- [Try it]: Search for the word "hmin" in the entries. Each line that holds it should be copied.

++++ Supplied material

(* Let $p:[0,\infty)\to\mathbb{R}$ be a non-increasing pricing function. Then the set of buyer types $$\Big\{(\theta,v)\ \Big|\ \min_{t\ge 0}\{p(t)+\theta t\}> v\Big\}$$ (the types who do not buy the item, whatever time they spend) is a convex subset of $\mathbb{R}^2$.
   Context: Model: a seller sells identical items in unlimited supply to unit-demand buyers. A buyer's type is $(\theta,v)$, where $\theta\ge 0$ is her cost per unit time (CPUT) and $v$ her valuation for the item. The seller posts a non-increasing pricing function $p$: a buyer who spends time $t\ge 0$ on the deal pays $p(t)$. A buyer of type $(\theta,v)$ buys the item iff $\min_{t\ge 0}\{p(t)+\theta t\}\le v$, where the minimum is taken to exist, as the model assumes when it defines the set $\arg\min_{t\ge 0}\{p(t)+\theta t\}$ of the buyer's best actions. *)

From Stdlib Require Import Reals.
Open Scope R_scope.

Definition nonincreasing_on_nonneg (p : R -> R) : Prop :=
  forall s t, 0 <= s -> s <= t -> p t <= p s.

Definition is_min_cost (p : R -> R) (theta m : R) : Prop :=
  (exists t0, 0 <= t0 /\ p t0 + theta * t0 = m) /\
  (forall t, 0 <= t -> m <= p t + theta * t).

Definition non_buyers (p : R -> R) : R * R -> Prop :=
  fun x => 0 <= fst x /\ exists m, is_min_cost p (fst x) m /\ m > snd x.

Definition convex_R2 (S : R * R -> Prop) : Prop :=
  forall x y lam, S x -> S y -> 0 <= lam <= 1 ->
    S (lam * fst x + (1 - lam) * fst y, lam * snd x + (1 - lam) * snd y).

(* For each buyer the cost θ ↦ min_t (p t + θ t) is a pointwise minimum of functions
   affine in θ, hence concave; the non-buyers form the strict hypograph of this
   concave function, which is convex. *)
From Stdlib Require Import Reals Lra Psatz.
Open Scope R_scope.

Lemma convex_comb_ge0 (x y lam : R) :
  0 <= x -> 0 <= y -> 0 <= lam <= 1 -> 0 <= lam * x + (1 - lam) * y.
Proof. intros; nra. Qed.

Lemma convex_comb_lt (a b c d lam : R) :
  a < c -> b < d -> 0 <= lam <= 1 -> lam * a + (1 - lam) * b < lam * c + (1 - lam) * d.
Proof.
  intros Hac Hbd Hlam.
  destruct (Req_dec lam 0) as [-> | Hpos]; [lra | nra].
Qed.

Lemma is_min_cost_concave (p : R -> R) (tx ty mx my mz lam : R) :
  0 <= lam <= 1 ->
  is_min_cost p tx mx -> is_min_cost p ty my ->
  is_min_cost p (lam * tx + (1 - lam) * ty) mz ->
  lam * mx + (1 - lam) * my <= mz.
Proof.
  intros Hlam [_ Lx] [_ Ly] [[t0 [Ht0 <-]] _].
  specialize (Lx t0 Ht0); specialize (Ly t0 Ht0).
  nra.
Qed.

Theorem lemma1 (p : R -> R)
  (hp : nonincreasing_on_nonneg p)
  (hmin : forall theta, 0 <= theta -> exists m, is_min_cost p theta m) :
  convex_R2 (non_buyers p).
Proof.
  intros [tx vx] [ty vy] lam [Htx [mx [Mx Vx]]] [Hty [my [My Vy]]] Hlam; simpl in *.
  assert (Htz := convex_comb_ge0 tx ty lam Htx Hty Hlam).
  destruct (hmin _ Htz) as [mz Mz].
  split; [exact Htz |].
  exists mz; split; [exact Mz |]; simpl.
  pose proof (is_min_cost_concave p tx ty mx my mz lam Hlam Mx My Mz).
  pose proof (convex_comb_lt vx vy mx my lam Vx Vy Hlam).
  lra.
Qed.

++++++++

- [Written response]:
  (hmin : forall theta, 0 <= theta -> exists m, is_min_cost p theta m) :
  destruct (hmin _ Htz) as [mz Mz].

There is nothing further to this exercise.